OVP’de revizyon gerekir mi?
Türkiye’nin 2022-2024 dönemi için ekonomide yol haritası olan Orta Vadeli Program’ın (OVP) onaylanmasına dair Cumhurbaşkanı Kararı bundan 3 ay önce 5 Eylül tarihinde Resmi Gazete’nin mükerrer sayısında yayımlanarak yürürlüğe girmişti. Bu program resmen iptal edilmedikçe ya da bir revizyon yapılmadığı sürece ekonominin yol haritası olarak kabul edilmelidir. Ancak eylül ayından bu yana yaşanan gelişmeler ve kamuoyunda “düşük faiz-yüksek kur” ya da “Çin Modeli” gibi sıfatlarla anılan politika değişikliklerinden sonra OVP’de değişiklik yapılması gerekebilir.

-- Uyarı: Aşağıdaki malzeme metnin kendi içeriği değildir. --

(* Let $2\le p\le q$, $n=p+q$. Let $W_1,\ldots,W_l \subset \mathbb{R}^{p,q}$ be a finite family of pairwise distinct, non-empty open sets of intersection type. Then $W_1 \cup \cdots \cup W_l$ is not connected if and only if one of the following holds: (1) there exist $v \in \mathcal{C} \setminus \{0\}$, real numbers $\alpha_1,\ldots,\alpha_l$ and $1 \leq k_0 \leq l-1$ such that, up to permutation of the indices, $\alpha_1 > \cdots > \alpha_{k_0} \geq \alpha_{k_0+1} > \cdots > \alpha_l$, $W_i = H_{v,\alpha_i}$ for all $i \leq k_0$ and $W_i = H_{-v,-\alpha_i}$ for all $i > k_0$; or (2) $l=2$ and, up to permutation, $W_1 = v + U_S$ and $W_2 = v + U_T$ for some $v \in \mathbb{R}^{p,q}$.
   Context: On $\mathbb{R}^{p,q}$: $b(v,w) = -v_1w_1 - \cdots - v_pw_p + v_{p+1}w_{p+1} + \cdots + v_nw_n$, $q(v)=b(v,v)$, $\mathcal{C}=\{q=0\}$, $U_S=\{q>0\}$, $U_T=\{q<0\}$, and for $v\in\mathcal{C}\setminus\{0\}$, $\alpha\in\mathbb{R}$, $H_{v,\alpha}=\{w: b(v,w)>\alpha\}$. An open subset of $\mathbb{R}^{p,q}$ is of intersection type if it is of the form $v_0+U_S$ or $v_0+U_T$ for some $v_0\in\mathbb{R}^{p,q}$, or $H_{v_0,\alpha}$ for some $v_0\in\mathcal{C}\setminus\{0\}$ and $\alpha\in\mathbb{R}$. *)

From Stdlib Require Import Reals.
From mathcomp Require Import all_boot.
Set Implicit Arguments. Unset Strict Implicit. Unset Printing Implicit Defensive.

Local Open Scope R_scope.

Definition pt (p q : nat) := 'I_(p + q) -> R.
Definition pset (p q : nat) := pt p q -> Prop.

Definition vadd p q (v w : pt p q) : pt p q := fun i => v i + w i.
Definition vopp p q (v : pt p q) : pt p q := fun i => - v i.
Definition vzero p q : pt p q := fun _ => 0.

Definition bform p q (v w : pt p q) : R :=
  \big[Rplus/0]_(i < p + q)
     ((if (i < p)%N then -1 else 1) * v i * w i).
Definition qform p q (v : pt p q) : R := bform v v.

Definition cone p q : pset p q := fun v => qform v = 0.
Definition US p q : pset p q := fun v => qform v > 0.
Definition UT p q : pset p q := fun v => qform v < 0.
Definition Hset p q (v : pt p q) (alpha : R) : pset p q :=
  fun w => bform v w > alpha.
(* A vanishing sum of p values of chi takes every value exactly once: the
   polynomial \sum_t X^(f t) vanishes at w and takes the value p at 1, hence
   equals 1 + X + ... + X^(p-1), so no exponent repeats. *)
Lemma chi_sum_injective (T : finType) (f : T -> F) :
  #|T| = p -> \sum_(t : T) chi (f t) = 0 -> injective f.
Proof.
move=> card_T sum0; pose Q : {poly rat} := \sum_(t : T) 'X^(f t).
have Q_eq : Q = \poly_(i < p) 1.
  apply: ones_poly_eq (prime_gt0 p_pr) _ _ _.
  - apply: leq_trans (size_sum _ _ _) _; apply/bigmax_leqP => t _.
    by rewrite size_polyXn Fp_val_lt.
  - rewrite horner_sum (eq_bigr (fun _ => 1)) ?sumr_const ?card_T // => t _.
    by rewrite hornerXn expr1n.
  rewrite -(root_prime_root_unity _ p_pr w_prim); apply/eqP.
  rewrite rmorph_sum horner_sum -[RHS]sum0; apply: eq_bigr => t _.
  by rewrite rmorphXn /= map_polyX hornerXn.
move=> t1 t2 f_eq; apply/eqP/negPn/negP => t_neq.
have := congr1 (fun P : {poly rat} => P`_(f t1)) Q_eq.
rewrite /= coef_poly Fp_val_lt /Q coef_sum (bigD1 t1) //= (bigD1 t2) ?(eq_sym t2) //=.
rewrite ?coefXn f_eq eqxx; set rest := \sum_(t | _) _ => sum_eq.
have rest_ge0 : 0 <= rest by apply: sumr_ge0 => t _; rewrite coefXn ler0n.
have : 1 + rest = 0 by apply: (addrI 1); rewrite addr0.
by move/eqP; rewrite gt_eqF // ltr_pwDl.
Qed.

End FourierCharacter.

Section CirculantHadamard.
Variable p : nat.
Hypothesis p_pr : prime p.
Local Notation F := 'F_p.
(* Let $L$ be a lattice. The following are equivalent: (i) $L$ is distributive; (ii) $M_3[L]$ is a modular lattice; (iii) $M_3[L]$ is an Arguesian lattice. Moreover, if these conditions hold, then for every field $\mathbb{F}$ the lattice $M_3[L]$ can be embedded into the lattice of all subspaces of some vector space over $\mathbb{F}$.
   Context: A triple $(a,b,c)\in L^3$ is balanced if $a\wedge b=a\wedge c=b\wedge c$; $M_3[L]$ is the set of balanced triples, ordered componentwise (Schmidt's $M_3[L]$ construction). When $L$ is distributive, $M_3[L]$ is a lattice with componentwise meet and join $(a,b,c)\vee(a',b',c')=\overline{(a\vee a',b\vee b',c\vee c')}$, where $\overline{(a,b,c)}=(a\vee(b\wedge c),\,b\vee(a\wedge c),\,c\vee(a\wedge b))$. A lattice is Arguesian if it satisfies the Arguesian identity (the lattice-theoretic form of Desargues' theorem, satisfied by subspace lattices of vector spaces). *)

From HB Require Import structures.
From mathcomp Require Import all_boot all_order all_algebra.
Set Implicit Arguments. Unset Strict Implicit. Unset Printing Implicit Defensive.
Import Order.TTheory GRing.Theory.
Local Open Scope order_scope.

Definition is_lub {T : Type} (le : T -> T -> Prop) (x y s : T) : Prop :=
  le x s /\ le y s /\ forall u, le x u -> le y u -> le s u.

Definition is_glb {T : Type} (le : T -> T -> Prop) (x y m : T) : Prop :=
  le m x /\ le m y /\ forall u, le u x -> le u y -> le u m.

Definition lattice_ops {T : Type} (le : T -> T -> Prop)
    (join meet : T -> T -> T) : Prop :=
  (forall x y, is_lub le x y (join x y)) /\ (forall x y, is_glb le x y (meet x y)).

Definition modular_identity {T : Type} (le : T -> T -> Prop)
    (join meet : T -> T -> T) : Prop :=
  forall x y z, le x z -> join x (meet y z) = meet (join x y) z.

Definition arguesian_identity {T : Type} (le : T -> T -> Prop)
    (join meet : T -> T -> T) : Prop :=
  forall a0 a1 a2 b0 b1 b2 : T,
    let c0 := meet (join a1 a2) (join b1 b2) in
    let c1 := meet (join a0 a2) (join b0 b2) in
    let c2 := meet (join a0 a1) (join b0 b1) in
    let c := meet c2 (join c0 c1) in
    le (meet (meet (join a0 b0) (join a1 b1)) (join a2 b2))
       (join a0 (meet b0 (join c b1))).
Lemma arc_image_meets_grid (f : R -> R) n (I : set R) K u v :
  cont_self_map Circle f -> is_interval I -> (0 < K)%N -> I u -> I v ->
  K%:R^-1 < `|iter n f (Defs.frac u) - iter n f (Defs.frac v)| ->
  meets_grid K (iter n f @` (@Defs.frac R @` I)).
Proof.
move=> hf HI K0.
have [[t It ft0]|off0] := pselect (exists2 t, I t & iter n f (Defs.frac t) = 0).
  move=> *; exists 0%N => //.
  by rewrite mul0r; exists (Defs.frac t) => //; exists t.
wlog uv : u v / u <= v => [wlog_uv|Iu Iv big].
  move=> Iu Iv big; have [uv|/ltW vu] := leP u v; first exact: (wlog_uv u v).
  by apply: (wlog_uv v u vu) => //; rewrite distrC.
have Iuv x : x \in `[u, v] -> I x by rewrite in_itv /= => xuv; exact: (HI u v).
have M01 (y : R) : Mset Circle y -> 0 <= y <= 1.
  by rewrite /= in_itv /= => /andP[-> /ltW ->].
have [i iK [c cuv fc]] : meets_grid K ((iter n f \o @Defs.frac R) @` `[u, v]).
  apply: image_meets_grid => //; try exact/M01/(Mset_iter hf)/Mset_frac.
  apply: within_continuous_eps_delta => x xuv e e0.
  have fx0 : iter n f (Defs.frac x) <> 0.
    by move=> fx0; apply: off0; exists x => //; exact: Iuv.
  have [d d0 Hd] := iter_frac_continuous hf fx0 e0.
  by exists d => // y _; exact: Hd.
by exists i => //; exists (Defs.frac c) => //; exists c => //; exact: Iuv.
Qed.

Lemma wandering_iterates_shrink s (f : R -> R) (J : set R) :
  cont_self_map s f -> wandering_interval s f J ->
  forall del : R, 0 < del -> exists N, forall n, (N <= n)%N ->
    forall u v, J u -> J v -> dist s (iter n f u) (iter n f v) <= del.
Proof.
move=> hf [HJ [Jdisj _]] del del0.
pose K := (Num.truncn del^-1).+1.
have Kdel : K%:R^-1 < del.
  have del_inv0 : 0 <= del^-1 by rewrite invr_ge0 ltW.
  have /andP[_ h] := Num.Theory.truncn_itv del_inv0.
  by rewrite -[del]invrK ltf_pV2 ?posrE ?ltr0n ?invr_gt0.
have [N HN] := disjoint_eventually_miss_grid K Jdisj.
exists N => n Nn u v Ju Jv; rewrite leNgt; apply/negP => far; apply: (HN n Nn).
have {}far : K%:R^-1 < `|iter n f u - iter n f v|.
  exact: lt_trans Kdel (lt_le_trans far (dist_le_norm _ _ _)).
case: s hf HJ far => [hf [J01 HJ]|hf [I [HI EJ]]] far.
  exact: interval_image_meets_grid hf J01 HJ _ Ju Jv far.
rewrite EJ in Ju Jv *; case: Ju Jv far => u' Iu' <- [v' Iv' <-] far.
exact: arc_image_meets_grid hf HI _ Iu' Iv' far.
Qed.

Üç yıllık dönemi kapsayan ve aylar süre çalışmaların ardından açıklanan önemli bir dokümanın üç ay sonra daha uygulama dönemine bile girmeden revize edilmesi çok rastlanır bir durum olmaz ancak OVP’nin yol gösterici özelliği varsa acilen tekrar gözden geçirilmesi ve gerekiyorsa değişiklikler yapılması doğru adım olur.
OVP makro politikaları, ilkeleri, hedef ve gösterge niteliğindeki temel ekonomik büyüklükleri, gelecek üç yıla ilişkin toplam gelir ve gider tahminlerini, bütçe dengesi ve borçlanma durumu ile kamu idarelerinin ödenek teklif tavanlarını içeren temel politika dokümanıdır. Merkezi yönetim bütçesi ve Cumhurbaşkanlığı Yıllık Programında detaylandırılan bir politika çerçevesi çizer. Belirlenen makroekonomik hedefler ile ekonomik ve sosyal alanlarda izlenecek politikalar kamuoyuyla paylaşılır. OVP’de de belirtildiği gibi “Özel kesim için öngörülebilirliği artıran bir yol haritası niteliği taşımaktadır.”
Açıklanan OVP’ye göre 2022 yılında gayrisafi yurtiçi hasılanın (GSYİH) yüzde 5 büyüme ile 850 milyar dolara ulaşması hedeflenirken, kişi başına GSYH’nin ise 9,947 dolar olması öngörülüyor. İşsizlik oranının yüzde 12’ye gerilemesi, ihracatın 230.9 milyar dolara ve ithalatın ise 282.7 milyar dolara yükselmesi hedefleniyor. Dış ticaret açığı 51.8 milyar dolarda kalırken, cari işlemler dengesi de 18.6 milyar açık verecek. 2022 yılı için çizilen tablo bu ve bu tabloya ulaşırken tüketici fiyatları ile enflasyon yıl sonunda yüzde 9.8’e gerileyecek; birçok kritik hesaplamada veri olarak kullanılan GSYH deflatör artışı ise yüzde 12.9 olacak.
Orta Vadeli Program kural gereği merkezi yönetim bütçesinin hazırlanma sürecini de başlattığı için halen TBMM’de görüşülen 2022 bütçesi de bu verilere göre hazırlandı.
OVP yapılırken enflasyonun 2021 sonunda yüzde 16.2 olarak gerçekleşeceği ve deflatörün ise yüzde 20.9 olacağı tahmin edilmişti. İhracat 211 ve ithalat ise 258 milyar dolar olarak tahmin edilirken, GSYİH için 801 milyar dolar ve kişi başına GSYİH için 9,489 dolarlık gerçekleşme tahminleri OVP’ye konulmuştu.
Eylül ayından bu yana ise enflasyonu, dış ticareti ve dolayısıyla büyüme ve istihdamı etkileyen önemli gelişmeler ve dalgalanmalar oldu. Özel kesim bu değişiklikler paralelinde geleceğe dair öngörülerini yapmakta zorlanmaya başladı. Oysa OVP tanımı gereği özel kesim için öngörülebilirliği artıran bir yol haritası olmalıydı. Bu çerçevede ekonomideki durumun iyice değerlendirilip, OVP’de bir değişiklik gerekip gerekmediği kararı verilmeli ve değişiklik gerekiyorsa biran önce yapılmalıdır. Aksi takdirde önemli bir doküman olan OVP yol göstericilik ve inandırıcılık özelliğini kaybederken, ekonomi yönetimi izleyeceği politikaları kamuoyu ile paylaşmak ve ekonomideki birimlere mesaj vermek için de kullandığı önemli bir silahından yoksun kalır.